Steingaden is a town and municipality in the Weilheim-Schongau district of Upper Bavaria, Germany. It is the site of the 12th-century Steingaden Abbey (Kloster Steingaden) and the Wies Church, a UNESCO World Heritage Site.

Geography
The community lies in the Alpine foothills, on the border between Upper Bavaria and the Allgäu. The quarters (Ortsteile) of the municipality are Fronreiten, Ilgen, Lauterbach, Riesen, Urspring und Wies. Other villages and hamlets are Biberschwöll, Bichl, Boschach, Brandstatt, Butzau, Deutenhof, Deutensee, Egart, Engen, Gagras, Gmeind, Gogel, Graben, Hiebler, Hirschau, Illach, Illberg, Jagdberg, Karlsebene, Kellershof, Kohlhofen, Kreisten, Kreuzberg, Kuchen, Langau, Lechen, Lindegg, Litzau, Maderbichl, Moos, Oberengen, Reitersau, Resle, Sandgraben, Schlatt, Schlauch, Schwarzenbach, Staltannen, Steingädele, Tannen, Thal, Unterengen, Vordergründl, Wiesle und Zöpfhalden.

History
Until the 1803 secularisation of Bavaria, Steingaden belonged to the Steingaden Abbey, established in 1147 by Welf VI, Margrave of Tuscany and Duke of Spoleto, and third son of Henry IX, Duke of Bavaria.
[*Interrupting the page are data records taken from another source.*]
(* Let $p \geq 3$ be a prime and $x, y \in \mathbb{Z}$ with $x^2 - 2 = y^p$ and $y \neq -1$. Then: (1) every prime factor of $\frac{y^p-1}{y-1}$ is $\equiv \pm 1 \pmod{12}$; (2) every prime factor of $\frac{y^p-1}{y-1}$ is $p$ or $\equiv 1 \pmod p$; either $p \nmid (y-1)$ and $\frac{y^p-1}{y-1} \equiv 1 \pmod p$, or $p \mid (y-1)$ and $\frac{y^p-1}{y-1} \equiv p \pmod{p^2}$, and the latter case cannot happen unless $p \equiv \pm 1 \pmod{12}$; (3) $\frac{y^p-1}{y-1} \equiv 1 \pmod{24}$; (4) if $p \equiv 2 \pmod 3$ or $p = 3$, then $3 \nmid x$. *)

From mathcomp Require Import all_boot all_order all_algebra.
Set Implicit Arguments. Unset Strict Implicit. Unset Printing Implicit Defensive.
Import Order.TTheory GRing.Theory Num.Theory.
Local Open Scope ring_scope.

(* The integer (y^p - 1)/(y - 1), written literally as an integer quotient.
   (In the theorem y <> 1 automatically, since x^2 - 2 = 1 has no integer
   solution, so this is an exact division.) *)
Definition Phi (y : int) (p : nat) : int := ((y ^+ p - 1) %/ (y - 1))%Z.

Definition pm1_mod (q m : nat) : bool := (q %% m == 1 %% m)%N || (q %% m == (m - 1) %% m)%N.

From mathcomp Require Import all_boot all_order all_algebra cyclic finfield.
From mathcomp Require Import zify ring.
Import Order.TTheory GRing.Theory Num.Theory.
Set Implicit Arguments.
Unset Strict Implicit.
Unset Printing Implicit Defensive.
Local Open Scope ring_scope.

(* Since Y^5 = Y^3 in Z/8, the equation x^2 - 2 = y^p reduces modulo 8 to
   x^2 - 2 = y^3, which forces y = -1 (mod 8); hence y <> 1 and
   Phi y p = 1 + y + ... + y^(p-1) = 1 (mod 8).  The identity
   (y - 1) Phi y p = x^2 - 3 makes 3 a square modulo every prime q dividing
   Phi y p, and q <> 3 since 3 | Phi y p would give 3 | x, 3 | y - 1 and then
   9 | x^2 - 3.  In a finite field of odd order not divisible by 3, -1 is a
   square iff 4 | q - 1 (an element of order 4) and -3 is a square iff
   3 | q - 1 (a primitive cube root of unity); as 3 is a square both
   conditions coincide, i.e. q = +-1 (mod 12).  Multiplying out, Phi y p is
   +-1 modulo 12 and 1 modulo 8, hence 1 modulo 24.  Modulo a prime divisor q,
   y has order 1 or p, which gives q = p or q = 1 (mod p); modulo p^2,
   y = 1 + tp gives y^i = 1 + itp, and summing, Phi y p = p + tp C(p, 2).
   Finally 3 | x forces y = 1 (mod 3), so Phi y p = p (mod 3) must be 1. *)

Lemma pfactor_prim_root (R : nzRingType) (l k : nat) (a : R) :
  prime l -> a ^+ (l ^ k.+1) = 1 -> a ^+ (l ^ k) != 1 -> (l ^ k.+1).-primitive_root a.
Proof.
move=> pr_l a_lk1 a_lk_neq1.
have lk1_gt0 : (0 < l ^ k.+1)%N by rewrite expn_gt0 prime_gt0.
have [m prim_a /(dvdn_pfactor _ _ pr_l)[j le_jk1 def_m]] := prim_order_exists lk1_gt0 a_lk1.
move: prim_a; rewrite def_m; case: ltngtP le_jk1 => // [lt_jk1 _ | -> //] prim_a.
by move: a_lk_neq1; rewrite -(prim_order_dvd prim_a) dvdn_exp2l.
Qed.

Lemma prime_prim_root (R : nzRingType) (l : nat) (a : R) :
  prime l -> a ^+ l = 1 -> a != 1 -> l.-primitive_root a.
Proof. by move=> pr_l; have := @pfactor_prim_root _ l 0 a pr_l; rewrite expn0 expn1 expr1. Qed.

Section FinFieldSquares.
Variable F : finFieldType.

Lemma expf_card_pred (a : F) : a != 0 -> a ^+ #|F|.-1 = 1.
Proof.
move=> a_neq0; apply: (mulfI a_neq0).
by rewrite -exprS prednK ?expf_card ?mulr1 // ltnW ?finNzRing_gt1.
Qed.

Lemma finField_prim_rootP (d : nat) :
  (exists z : F, d.-primitive_root z) <-> (d %| #|F|.-1)%N.
Proof.
split=> [[z prim_z] | dvd_d].
  rewrite (prim_order_dvd prim_z) expf_card_pred // (prim_root_eq0 prim_z).
  by rewrite -lt0n (prim_order_gt0 prim_z).
have /hasP[z _ prim_z] : has (#|F|.-1).-primitive_root (enum (predC1 (0 : F))).
  apply: has_prim_root; rewrite ?enum_uniq -?cardE ?cardC1 //.
    by rewrite ltn_predRL finNzRing_gt1.
  by apply/allP => a; rewrite mem_enum => a_neq0; apply/unity_rootP/expf_card_pred.
by exists (z ^+ (#|F|.-1 %/ d)); apply: dvdn_prim_root.
Qed.

Hypothesis two_neq0 : (2%:R : F) != 0.

Lemma finField_sqrN1P : (exists b : F, b ^+ 2 = -1) <-> (4 %| #|F|.-1)%N.
Proof.
rewrite -finField_prim_rootP; split=> [[b b2] | [i prim_i]].
  exists b; apply: (@pfactor_prim_root _ 2 1) => //; last first.
    by rewrite expn1 b2 eq_sym -subr_eq0 opprK -mulr2n.
  by rewrite (exprM b 2 2) b2 sqrrN expr1n.
exists i; have i2_neq1 : i ^+ 2 != 1 by rewrite -(prim_order_dvd prim_i).
have : (i ^+ 2 - 1) * (i ^+ 2 + 1) = 0.
  by rewrite -subr_sqr -exprM (prim_expr_order prim_i) expr1n subrr.
by move/eqP; rewrite mulf_eq0 subr_eq0 (negbTE i2_neq1) addr_eq0 => /eqP.
Qed.

Hypothesis three_neq0 : (3%:R : F) != 0.

Lemma finField_sqrN3P : (exists c : F, c ^+ 2 = - 3%:R) <-> (3 %| #|F|.-1)%N.
Proof.
rewrite -finField_prim_rootP; split=> [[c c2] | [w prim_w]].
  exists ((c - 1) / 2%:R); apply: prime_prim_root => //.
    apply/eqP; rewrite -subr_eq0.
    have -> : ((c - 1) / 2%:R) ^+ 3 - 1 = (c - 3%:R) * (c ^+ 2 + 3%:R) / 8%:R.
      by field; rewrite (natrM _ 2 4) (natrM _ 2 2) !mulf_neq0.
    by rewrite c2 addNr mulr0 mul0r.
  apply: contra_neq (mulf_neq0 (mulf_neq0 two_neq0 two_neq0) three_neq0) => c1.
  have c3 : c = 3%:R by rewrite -[c](subrK 1) -[c - 1](divfK two_neq0) c1 mul1r natr1.
  by move: c2; rewrite c3 -natrX -!natrM => /eqP; rewrite -subr_eq0 opprK -natrD => /eqP.
have w_neq1 : w != 1 by rewrite -[w]expr1 -(prim_order_dvd prim_w).
have w3 := prim_expr_order prim_w.
have w_root : w ^+ 2 + w + 1 = 0.
  have : (w - 1) * (w ^+ 2 + w + 1) = w ^+ 3 - 1 by ring.
  by rewrite w3 subrr => /eqP; rewrite mulf_eq0 subr_eq0 (negbTE w_neq1) => /eqP.
exists (2%:R * w + 1).
have -> : (2%:R * w + 1) ^+ 2 = 4%:R * (w ^+ 2 + w + 1) - 3%:R by ring.
by rewrite w_root mulr0 sub0r.
Qed.

Lemma finField_sqr3_dvd_card (a : F) :
  a ^+ 2 = 3%:R -> (4 %| #|F|.-1)%N = (3 %| #|F|.-1)%N.
Proof.
move=> a2; have a_neq0 : a != 0 by apply: contraNneq three_neq0 => a0; rewrite -a2 a0 expr0n.
apply/idP/idP => [/finField_sqrN1P[b b2] | /finField_sqrN3P[c c2]].
  by apply/finField_sqrN3P; exists (a * b); rewrite exprMn a2 b2 mulrN1.
by apply/finField_sqrN1P; exists (c / a); rewrite expr_div_n c2 a2 mulNr divff.
Qed.

End FinFieldSquares.

Lemma pm1_mod12_of_dvd_sqr_sub3 (q : nat) (x : int) :
  prime q -> (3 < q)%N -> (q %| x ^+ 2 - 3)%Z -> pm1_mod q 12.
Proof.
move=> pr_q q_gt3 dvd_q.
have natr_neq0 n : (0 < n < q)%N -> (n%:R : 'F_q) != 0.
  by case/andP=> n_gt0 lt_nq; rewrite -(dvdn_pcharf (pchar_Fp pr_q)) gtnNdvd.
have x2 : (x%:~R : 'F_q) ^+ 2 = 3%:R.
  move: dvd_q; rewrite (dvdz_pcharf (pchar_Fp pr_q)) rmorphB rmorphXn rmorph_nat.
  by rewrite subr_eq0 => /eqP.
have two_neq0 : (2%:R : 'F_q) != 0 by apply: natr_neq0; lia.
have three_neq0 : (3%:R : 'F_q) != 0 by apply: natr_neq0; lia.
have := @finField_sqr3_dvd_card _ two_neq0 three_neq0 _ x2; rewrite card_Fp // => dvd4_dvd3.
have ndvd2 : ~~ (2 %| q)%N by rewrite dvdn_prime2 //; lia.
have ndvd3 : ~~ (3 %| q)%N by rewrite dvdn_prime2 //; lia.
rewrite /pm1_mod; lia.
Qed.

Lemma pm1_modM (m a b : nat) : pm1_mod a m -> pm1_mod b m -> pm1_mod (a * b) m.
Proof.
rewrite /pm1_mod -modnMm => /orP[]/eqP-> /orP[]/eqP->;
  rewrite modnMm ?mul1n ?muln1 ?eqxx ?orbT //.
case: m => [|[|m]] //; rewrite subn1 /=.
have -> : (m.+1 * m.+1 = m * m.+2 + 1)%N by ring.
by rewrite modnMDl eqxx.
Qed.

Lemma pm1_mod_prime_factors (m n : nat) :
  (0 < n)%N -> (forall q, prime q -> (q %| n)%N -> pm1_mod q m) -> pm1_mod n m.
Proof.
move=> n_gt0 pm1_n; rewrite (prod_prime_decomp n_gt0) big_seq.
apply: (big_ind (pm1_mod^~ m)) => [|a b|[q e] /mem_prime_decomp[pr_q e_gt0 dvd_qe]].
- by rewrite /pm1_mod eqxx.
- exact: pm1_modM.
have pm1_q : pm1_mod q m by apply: pm1_n (dvdn_trans (dvdn_exp e_gt0 (dvdnn q)) dvd_qe).
by elim: e {e_gt0 dvd_qe} => [|e IHe]; rewrite ?expnS ?pm1_modM // /pm1_mod eqxx.
Qed.

Lemma Zp_intr_eq0 (m : nat) (z : int) : (1 < m)%N -> ((z%:~R : 'Z_m) == 0) = (m %| z)%Z.
Proof.
move=> m_gt1; have natr_eq0 n : ((n%:R : 'Z_m) == 0) = (m %| n)%N.
  by rewrite -(inj_eq val_inj) /= val_Zp_nat.
by case: z => n; rewrite ?NegzE ?mulrNz ?oppr_eq0 natr_eq0.
Qed.

Lemma expr_period2 (R : pzSemiRingType) (a : R) (k n : nat) :
  a ^+ k.+2 = a ^+ k -> (k <= n)%N -> odd n = odd k -> a ^+ n = a ^+ k.
Proof.
move=> ak le_kn odd_nk; rewrite -(subnKC le_kn).
have /dvdnP[j ->] : (2 %| n - k)%N by rewrite dvdn2 oddB // odd_nk addbb.
elim: j => [|j IHj]; first by rewrite addn0.
by rewrite mulSn addnA addn2 exprD ak -exprD.
Qed.

Lemma PhiE (y : int) (n : nat) : y != 1 -> Phi y n = \sum_(i < n) y ^+ i.
Proof. by move=> y_neq1; rewrite /Phi subrX1 mulKz // subr_eq0. Qed.

Lemma mul_subr1_Phi (y : int) (n : nat) : y != 1 -> (y - 1) * Phi y n = y ^+ n - 1.
Proof. by move=> y_neq1; rewrite PhiE // subrX1. Qed.

Lemma dvdz_Phi_sub_sum (m y c : int) (n : nat) :
  y != 1 -> (m %| y - c)%Z -> (m %| Phi y n - \sum_(i < n) c ^+ i)%Z.
Proof.
move=> y_neq1 dvd_m; rewrite PhiE // -sumrB.
by apply: rpred_sum => i _; rewrite subrXX dvdz_mulr.
Qed.

Lemma dvdz_Phi_subn (m y : int) (n : nat) :
  y != 1 -> (m %| y - 1)%Z -> (m %| Phi y n - n%:Z)%Z.
Proof.
move=> y_neq1 /(dvdz_Phi_sub_sum n y_neq1).
by under eq_bigr do rewrite expr1n; rewrite sumr_const card_ord natz.
Qed.

Lemma sumr_signr_odd (n : nat) : odd n -> \sum_(i < n) (-1 : int) ^+ i = 1.
Proof. by move=> n_odd; rewrite -PhiE // /Phi -signr_odd n_odd divzz. Qed.

Lemma dvdz_Phi_sub1 (m y : int) (n : nat) :
  odd n -> y != 1 -> (m %| y + 1)%Z -> (m %| Phi y n - 1)%Z.
Proof.
move=> n_odd y_neq1 dvd_m; rewrite -(sumr_signr_odd n_odd).
by apply: dvdz_Phi_sub_sum; rewrite ?opprK.
Qed.

Lemma Phi_mod_prime (p : nat) (y : int) :
  prime p -> ~~ (p %| y - 1)%Z -> (Phi y p == 1 %[mod p])%Z.
Proof.
move=> pr_p; rewrite eqz_mod_dvd !(dvdz_pcharf (pchar_Fp pr_p)) !rmorphB rmorph1 /=.
move=> Y_neq1; have y_neq1 : y != 1 by apply: contraNneq Y_neq1 => ->; rewrite subrr.
have /(congr1 (intr : int -> 'F_p)) := mul_subr1_Phi p y_neq1.
have Yp : (y%:~R : 'F_p) ^+ p = y%:~R by rewrite -[in X in _ ^+ X](card_Fp pr_p) expf_card.
rewrite rmorphM !rmorphB rmorphXn rmorph1 /= Yp.
by rewrite -{2}[_ - 1]mulr1 => /(mulfI Y_neq1) ->; rewrite subrr.
Qed.

Lemma Phi_mod_prime_sqr (p : nat) (y : int) :
  prime p -> (2 < p)%N -> y != 1 -> (p %| y - 1)%Z -> (Phi y p == p %[mod (p ^ 2)%N])%Z.
Proof.
move=> pr_p p_gt2 y_neq1 dvd_p; rewrite eqz_mod_dvd.
have -> : Phi y p - p%:Z = (y - 1) * \sum_(i < p) Phi y i.
  have -> : p%:Z = \sum_(i < p) 1 by rewrite sumr_const card_ord natz.
  rewrite mulr_sumr PhiE // -sumrB.
  by apply: eq_bigr => i _; rewrite mul_subr1_Phi.
have dvd_sum : (p %| \sum_(i < p) Phi y i)%Z.
  rewrite -(subrK (\sum_(i < p) (i : int)) (\sum_(i < p) Phi y i)) -sumrB rpredD //.
    by apply: rpred_sum => i _; apply: dvdz_Phi_subn.
  rewrite -(big_morph Posz PoszD (erefl : Posz 0 = 0)) -(big_mkord xpredT id) bin2_sum.
  by rewrite dvdzE prime_dvd_bin // ltnW.
by rewrite expnS expn1 PoszM dvdz_mul.
Qed.

Lemma prime_dvd_Phi (p q : nat) (y : int) :
  prime p -> prime q -> y != 1 -> (q %| Phi y p)%Z -> q = p \/ (q %% p = 1)%N.
Proof.
move=> pr_p pr_q y_neq1 dvd_q; have pchar_q := pchar_Fp pr_q.
have [dvd_y | ndvd_y] := boolP (q %| y - 1)%Z.
  left; apply/eqP; rewrite -(dvdn_prime2 pr_q pr_p).
  have := rpredB dvd_q (dvdz_Phi_subn p y_neq1 dvd_y).
  by rewrite subKr.
right; move: ndvd_y; rewrite (dvdz_pcharf pchar_q) rmorphB rmorph1 /= subr_eq0 => Y_neq1.
have Yp : (y%:~R : 'F_q) ^+ p = 1.
  move: (dvdz_mull (y - 1) dvd_q); rewrite mul_subr1_Phi // (dvdz_pcharf pchar_q).
  by rewrite rmorphB rmorphXn rmorph1 subr_eq0 => /eqP.
have /finField_prim_rootP : exists z : 'F_q, p.-primitive_root z.
  by exists (y%:~R); apply: prime_prim_root.
rewrite card_Fp // => /eqP dvd_p.
by rewrite -(prednK (prime_gt0 pr_q)) -addn1 -modnDml dvd_p add0n modn_small ?prime_gt1.
Qed.

Lemma expr5_Z8 (Y : 'Z_8) : Y ^+ 5 = Y ^+ 3.
Proof. by apply/val_inj; case: Y => -[|[|[|[|[|[|[|[|]]]]]]]]. Qed.

Lemma sqr_sub2_cube_Z8 (X Y : 'Z_8) : X ^+ 2 - 2%:R = Y ^+ 3 -> Y = -1.
Proof.
move/(congr1 val); case: X => -[|[|[|[|[|[|[|[|]]]]]]]] // ?;
  by case: Y => -[|[|[|[|[|[|[|[|]]]]]]]] // ? _; apply/val_inj.
Qed.

Section Equation.

Variables (p : nat) (x y : int).
Hypotheses (pr_p : prime p) (p_ge3 : (3 <= p)%N) (xy : x ^+ 2 - 2 = y ^+ p).

Let p_odd : odd p.
Proof. by case: (even_prime pr_p) p_ge3 => [->|]. Qed.

Lemma equation_dvd8_addr1 : (8 %| y + 1)%Z.
Proof.
have /(congr1 (intr : int -> 'Z_8)) := xy.
rewrite rmorphB !rmorphXn rmorph_nat (expr_period2 (expr5_Z8 _) p_ge3) ?p_odd //.
by move/sqr_sub2_cube_Z8 => Y_eq; rewrite -Zp_intr_eq0 // rmorphD rmorph1 Y_eq addNr.
Qed.

Lemma equation_neq1 : y != 1.
Proof. by apply: contraTneq equation_dvd8_addr1 => ->. Qed.

Lemma equation_Phi_mod8 : (8 %| Phi y p - 1)%Z.
Proof. exact: dvdz_Phi_sub1 p_odd equation_neq1 equation_dvd8_addr1. Qed.

Lemma equation_mul_Phi : (y - 1) * Phi y p = x ^+ 2 - 3.
Proof. by rewrite mul_subr1_Phi ?equation_neq1 // -xy; ring. Qed.

Lemma equation_dvd3_subr1 : (3 %| x)%Z -> (3 %| y - 1)%Z.
Proof.
have pr3 : prime 3 by [].
have pchar3 := pchar_Fp pr3.
rewrite !(dvdz_pcharf pchar3) rmorphB rmorph1 => /eqP X0.
have Y3 : (y%:~R : 'F_3) ^+ 3 = y%:~R ^+ 1.
  by rewrite expr1 -[in X in _ ^+ X](card_Fp pr3) expf_card.
have /(congr1 (intr : int -> 'F_3)) := xy.
rewrite rmorphB !rmorphXn rmorph_nat /= X0 expr0n sub0r.
rewrite (expr_period2 Y3 (ltnW (ltnW p_ge3))) ?p_odd // expr1 => <-.
by rewrite -opprD natr1 oppr_eq0 pchar_Fp_0.
Qed.

Lemma equation_ndvd3_Phi : ~~ (3 %| Phi y p)%Z.
Proof.
apply/negP => dvd3_Phi.
have dvd3_x : (3 %| x)%Z.
  have : (3 %| x ^+ 2)%Z by rewrite -(subrK 3 (x ^+ 2)) -equation_mul_Phi rpredD ?dvdz_mull.
  by rewrite !dvdzE abszX Euclid_dvdX // andbT.
have : (3 * 3 %| x ^+ 2 - 3)%Z.
  by rewrite -equation_mul_Phi dvdz_mul ?equation_dvd3_subr1.
have : (3 * 3 %| x ^+ 2)%Z by rewrite expr2 dvdz_mul.
lia.
Qed.

Lemma equation_prime_dvd_Phi_pm1_mod12 (q : nat) : prime q -> (q %| Phi y p)%Z -> pm1_mod q 12.
Proof.
move=> pr_q dvd_q; apply: (pm1_mod12_of_dvd_sqr_sub3 (x := x) pr_q).
  have := equation_Phi_mod8; have := equation_ndvd3_Phi; have := prime_gt1 pr_q.
  by case: q {pr_q} dvd_q => [|[|[|[|q]]]] //; lia.
by rewrite -equation_mul_Phi dvdz_mull.
Qed.

Lemma equation_Phi_mod24 : (Phi y p == 1 %[mod 24])%Z.
Proof.
have := equation_Phi_mod8; rewrite eqz_mod_dvd => dvd8.
have : pm1_mod `|Phi y p| 12.
  apply: pm1_mod_prime_factors => [|q pr_q dvd_q]; first by lia.
  by apply: equation_prime_dvd_Phi_pm1_mod12; rewrite // dvdzE.
rewrite /pm1_mod; lia.
Qed.

Lemma equation_ndvd3_x : (p %% 3 = 2)%N \/ p = 3%N -> ~~ (3 %| x)%Z.
Proof.
move=> p_mod3; apply/negP => /equation_dvd3_subr1 /(dvdz_Phi_subn p equation_neq1) dvd3.
have := equation_Phi_mod24; rewrite eqz_mod_dvd; lia.
Qed.

End Equation.

Theorem theorem2p8 (p : nat) (x y : int) :
  prime p -> (3 <= p)%N -> x ^+ 2 - 2 = y ^+ p -> y != -1 ->
  (* (1) *)
  (forall q : nat, prime q -> (q %| Phi y p)%Z -> pm1_mod q 12)
  /\
  (* (2) *)
  ((forall q : nat, prime q -> (q %| Phi y p)%Z -> q = p \/ (q %% p = 1)%N)
   /\ ((~~ (p %| y - 1)%Z /\ (Phi y p == 1 %[mod p])%Z)
       \/ ((p %| y - 1)%Z /\ (Phi y p == p %[mod (p ^ 2)%N])%Z))
   /\ ((p %| y - 1)%Z -> pm1_mod p 12))
  /\
  (* (3) *)
  (Phi y p == 1 %[mod 24])%Z
  /\
  (* (4) *)
  ((p %% 3 = 2)%N \/ p = 3%N -> ~~ (3 %| x)%Z).
Proof.
move=> pr_p p_ge3 xy _.
have y_neq1 := equation_neq1 pr_p p_ge3 xy.
have pm1_Phi := equation_prime_dvd_Phi_pm1_mod12 pr_p p_ge3 xy.
split=> //; split.
  split; first by move=> q pr_q; apply: prime_dvd_Phi.
  split.
    have [dvd_p | ndvd_p] := boolP (p %| y - 1)%Z; [right | left]; split=> //.
      exact: Phi_mod_prime_sqr.
    exact: Phi_mod_prime.
  move=> /(dvdz_Phi_subn p y_neq1) dvd_p; apply: pm1_Phi => //.
  by rewrite -(subrK p%:Z (Phi y p)) rpredD ?dvdzz.
split; first exact: equation_Phi_mod24 pr_p p_ge3 xy.
exact: equation_ndvd3_x pr_p p_ge3 xy.
Qed.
In the administrative reform of Bavaria in 1818, Steingaden became an independent municipality, while the formerly independent municipalities of Fronreiten, Lauterbach and Urspring were added to the municipality of Steingaden during the administrative reforms of the 1980s.

Culture

Architecture
Wies Church (Wieskirche), a pilgrimage church built by the brothers, Dominic and John Baptist Zimmermann, between 1746 and 1754 in the Rococo style and recognized by UNESCO as a World Heritage Site
Welfen Church (Welfenmünster), built in 1176 in the Romantic style, now the parish church of the town
Church of the Visitation, Ilgen
Church of the Holy Cross, Kreuzberg
Church of St Mary Magdalene, Urspring

Residents
Johann Georg von Lori was born in Steingaden on 17 July 1723. He became a significant administrator, jurist and historian, and co-founded the Bavarian Academy of Sciences and Humanities. Günther Neureuther, born in the town on 6 August 1955, became one of the most successful jūdōka in Germany.

Gretl Braun, sister of Eva Braun lived her final years and died in Steingarden.